PROBLEM STATEMENT: Only the lines below from the one containing "Lemma delta_sum_step (F" to the one containing "case: ifP => _; rewrite ?mulr0 // eqSS." should be repeated, both included and unchanged.

Start of RECORDS FOR PROCESSING

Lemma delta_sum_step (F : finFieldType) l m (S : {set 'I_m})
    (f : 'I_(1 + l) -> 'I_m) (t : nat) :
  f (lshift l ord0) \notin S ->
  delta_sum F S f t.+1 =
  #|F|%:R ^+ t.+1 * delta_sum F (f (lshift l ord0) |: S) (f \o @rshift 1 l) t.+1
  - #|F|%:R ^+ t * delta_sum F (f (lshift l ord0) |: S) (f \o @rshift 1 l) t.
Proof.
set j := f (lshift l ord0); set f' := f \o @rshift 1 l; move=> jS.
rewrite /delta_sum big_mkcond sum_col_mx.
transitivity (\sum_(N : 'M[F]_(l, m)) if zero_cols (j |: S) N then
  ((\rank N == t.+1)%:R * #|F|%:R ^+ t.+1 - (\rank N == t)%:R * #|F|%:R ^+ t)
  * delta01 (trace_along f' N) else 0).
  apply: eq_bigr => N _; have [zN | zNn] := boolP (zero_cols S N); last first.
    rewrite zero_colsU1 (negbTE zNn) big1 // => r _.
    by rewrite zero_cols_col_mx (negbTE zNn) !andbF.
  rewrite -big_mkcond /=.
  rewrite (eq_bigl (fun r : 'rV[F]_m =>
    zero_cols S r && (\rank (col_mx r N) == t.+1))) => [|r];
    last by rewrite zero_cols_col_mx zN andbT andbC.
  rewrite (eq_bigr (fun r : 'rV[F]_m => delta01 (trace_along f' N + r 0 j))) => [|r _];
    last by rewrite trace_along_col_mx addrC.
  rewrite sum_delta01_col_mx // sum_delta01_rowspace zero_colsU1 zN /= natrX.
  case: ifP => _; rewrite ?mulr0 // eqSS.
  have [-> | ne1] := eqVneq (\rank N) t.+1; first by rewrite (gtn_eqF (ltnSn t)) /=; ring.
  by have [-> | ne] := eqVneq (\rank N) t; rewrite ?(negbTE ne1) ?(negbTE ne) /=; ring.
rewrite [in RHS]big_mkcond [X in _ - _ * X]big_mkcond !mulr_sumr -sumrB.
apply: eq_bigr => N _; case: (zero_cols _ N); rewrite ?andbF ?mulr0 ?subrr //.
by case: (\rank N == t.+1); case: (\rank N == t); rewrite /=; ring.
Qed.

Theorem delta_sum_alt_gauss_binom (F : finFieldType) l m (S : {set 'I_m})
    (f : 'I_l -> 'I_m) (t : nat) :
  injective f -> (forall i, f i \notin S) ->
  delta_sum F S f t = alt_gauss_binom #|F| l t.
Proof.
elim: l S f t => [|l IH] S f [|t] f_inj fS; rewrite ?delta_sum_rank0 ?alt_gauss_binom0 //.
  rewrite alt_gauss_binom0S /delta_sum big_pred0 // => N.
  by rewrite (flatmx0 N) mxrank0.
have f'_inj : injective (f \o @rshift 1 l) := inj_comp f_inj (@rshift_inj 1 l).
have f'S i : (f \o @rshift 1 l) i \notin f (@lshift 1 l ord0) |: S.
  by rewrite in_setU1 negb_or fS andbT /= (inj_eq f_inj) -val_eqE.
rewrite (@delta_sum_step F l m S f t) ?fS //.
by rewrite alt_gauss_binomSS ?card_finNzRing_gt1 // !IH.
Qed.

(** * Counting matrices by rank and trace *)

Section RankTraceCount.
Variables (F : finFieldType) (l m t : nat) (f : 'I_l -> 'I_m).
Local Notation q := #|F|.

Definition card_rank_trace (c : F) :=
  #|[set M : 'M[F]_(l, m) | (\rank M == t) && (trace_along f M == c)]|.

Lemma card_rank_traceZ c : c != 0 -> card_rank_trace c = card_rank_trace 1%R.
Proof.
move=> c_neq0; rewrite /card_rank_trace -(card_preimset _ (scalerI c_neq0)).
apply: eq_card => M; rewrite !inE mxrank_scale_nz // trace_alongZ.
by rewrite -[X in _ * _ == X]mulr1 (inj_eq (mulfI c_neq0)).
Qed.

End of RECORDS FOR PROCESSING
Start of RECORDS FOR PROCESSING

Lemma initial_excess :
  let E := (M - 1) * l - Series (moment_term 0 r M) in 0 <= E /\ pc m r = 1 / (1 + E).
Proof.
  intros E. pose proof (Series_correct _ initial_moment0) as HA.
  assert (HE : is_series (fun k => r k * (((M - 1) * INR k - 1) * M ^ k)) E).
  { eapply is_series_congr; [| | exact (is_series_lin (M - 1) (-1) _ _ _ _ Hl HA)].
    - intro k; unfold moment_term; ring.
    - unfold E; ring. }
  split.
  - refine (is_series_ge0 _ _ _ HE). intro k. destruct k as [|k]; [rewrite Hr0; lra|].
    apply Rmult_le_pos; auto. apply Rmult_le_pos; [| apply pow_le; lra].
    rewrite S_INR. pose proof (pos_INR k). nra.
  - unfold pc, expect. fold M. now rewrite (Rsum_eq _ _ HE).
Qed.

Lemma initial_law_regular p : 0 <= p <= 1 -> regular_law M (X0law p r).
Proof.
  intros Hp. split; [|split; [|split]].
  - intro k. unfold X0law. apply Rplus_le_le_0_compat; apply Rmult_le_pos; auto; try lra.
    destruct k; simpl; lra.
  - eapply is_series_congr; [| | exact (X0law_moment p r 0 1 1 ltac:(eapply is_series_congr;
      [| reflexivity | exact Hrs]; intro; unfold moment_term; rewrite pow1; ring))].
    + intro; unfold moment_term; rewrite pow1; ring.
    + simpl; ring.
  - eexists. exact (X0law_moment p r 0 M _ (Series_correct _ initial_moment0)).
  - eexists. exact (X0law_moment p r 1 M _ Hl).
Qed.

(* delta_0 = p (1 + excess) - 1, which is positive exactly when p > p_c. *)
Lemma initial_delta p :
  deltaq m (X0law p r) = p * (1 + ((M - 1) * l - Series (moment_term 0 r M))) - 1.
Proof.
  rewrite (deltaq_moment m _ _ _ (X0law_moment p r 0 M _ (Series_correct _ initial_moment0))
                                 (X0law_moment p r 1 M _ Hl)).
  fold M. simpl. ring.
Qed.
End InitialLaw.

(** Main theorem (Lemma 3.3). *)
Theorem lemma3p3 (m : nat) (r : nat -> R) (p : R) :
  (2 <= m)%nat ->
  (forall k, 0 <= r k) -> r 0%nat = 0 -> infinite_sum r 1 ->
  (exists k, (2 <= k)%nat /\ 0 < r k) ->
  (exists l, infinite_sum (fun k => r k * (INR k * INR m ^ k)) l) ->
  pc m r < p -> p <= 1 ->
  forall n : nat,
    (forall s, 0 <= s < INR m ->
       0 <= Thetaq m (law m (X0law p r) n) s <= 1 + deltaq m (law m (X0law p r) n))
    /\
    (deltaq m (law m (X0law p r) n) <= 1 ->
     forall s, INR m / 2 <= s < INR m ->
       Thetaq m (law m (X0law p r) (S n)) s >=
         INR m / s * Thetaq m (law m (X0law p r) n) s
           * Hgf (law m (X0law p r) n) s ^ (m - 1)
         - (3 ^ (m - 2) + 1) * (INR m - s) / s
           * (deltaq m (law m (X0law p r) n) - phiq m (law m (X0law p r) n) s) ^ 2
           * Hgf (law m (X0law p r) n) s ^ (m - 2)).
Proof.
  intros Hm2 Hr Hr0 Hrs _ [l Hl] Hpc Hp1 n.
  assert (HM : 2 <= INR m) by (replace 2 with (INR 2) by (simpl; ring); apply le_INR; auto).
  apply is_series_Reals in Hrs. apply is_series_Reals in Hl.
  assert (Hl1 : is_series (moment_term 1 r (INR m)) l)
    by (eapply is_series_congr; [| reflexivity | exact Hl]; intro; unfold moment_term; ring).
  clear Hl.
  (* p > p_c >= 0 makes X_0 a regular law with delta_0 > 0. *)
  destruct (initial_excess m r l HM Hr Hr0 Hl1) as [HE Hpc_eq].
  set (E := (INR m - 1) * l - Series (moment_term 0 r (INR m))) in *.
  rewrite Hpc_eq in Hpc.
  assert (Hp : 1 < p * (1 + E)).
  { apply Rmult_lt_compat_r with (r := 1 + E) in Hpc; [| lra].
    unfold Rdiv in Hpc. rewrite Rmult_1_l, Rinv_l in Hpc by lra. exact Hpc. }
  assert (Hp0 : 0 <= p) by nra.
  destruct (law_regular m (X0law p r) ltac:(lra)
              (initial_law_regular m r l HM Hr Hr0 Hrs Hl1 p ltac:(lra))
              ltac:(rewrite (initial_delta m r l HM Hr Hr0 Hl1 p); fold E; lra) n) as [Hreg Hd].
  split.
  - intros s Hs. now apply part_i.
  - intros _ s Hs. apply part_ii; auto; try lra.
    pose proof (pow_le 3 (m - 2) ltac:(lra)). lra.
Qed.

End of RECORDS FOR PROCESSING

WRITTEN ANSWER:
Lemma delta_sum_step (F : finFieldType) l m (S : {set 'I_m})
    (f : 'I_(1 + l) -> 'I_m) (t : nat) :
  f (lshift l ord0) \notin S ->
  delta_sum F S f t.+1 =
  #|F|%:R ^+ t.+1 * delta_sum F (f (lshift l ord0) |: S) (f \o @rshift 1 l) t.+1
  - #|F|%:R ^+ t * delta_sum F (f (lshift l ord0) |: S) (f \o @rshift 1 l) t.
Proof.
set j := f (lshift l ord0); set f' := f \o @rshift 1 l; move=> jS.
rewrite /delta_sum big_mkcond sum_col_mx.
transitivity (\sum_(N : 'M[F]_(l, m)) if zero_cols (j |: S) N then
  ((\rank N == t.+1)%:R * #|F|%:R ^+ t.+1 - (\rank N == t)%:R * #|F|%:R ^+ t)
  * delta01 (trace_along f' N) else 0).
  apply: eq_bigr => N _; have [zN | zNn] := boolP (zero_cols S N); last first.
    rewrite zero_colsU1 (negbTE zNn) big1 // => r _.
    by rewrite zero_cols_col_mx (negbTE zNn) !andbF.
  rewrite -big_mkcond /=.
  rewrite (eq_bigl (fun r : 'rV[F]_m =>
    zero_cols S r && (\rank (col_mx r N) == t.+1))) => [|r];
    last by rewrite zero_cols_col_mx zN andbT andbC.
  rewrite (eq_bigr (fun r : 'rV[F]_m => delta01 (trace_along f' N + r 0 j))) => [|r _];
    last by rewrite trace_along_col_mx addrC.
  rewrite sum_delta01_col_mx // sum_delta01_rowspace zero_colsU1 zN /= natrX.
  case: ifP => _; rewrite ?mulr0 // eqSS.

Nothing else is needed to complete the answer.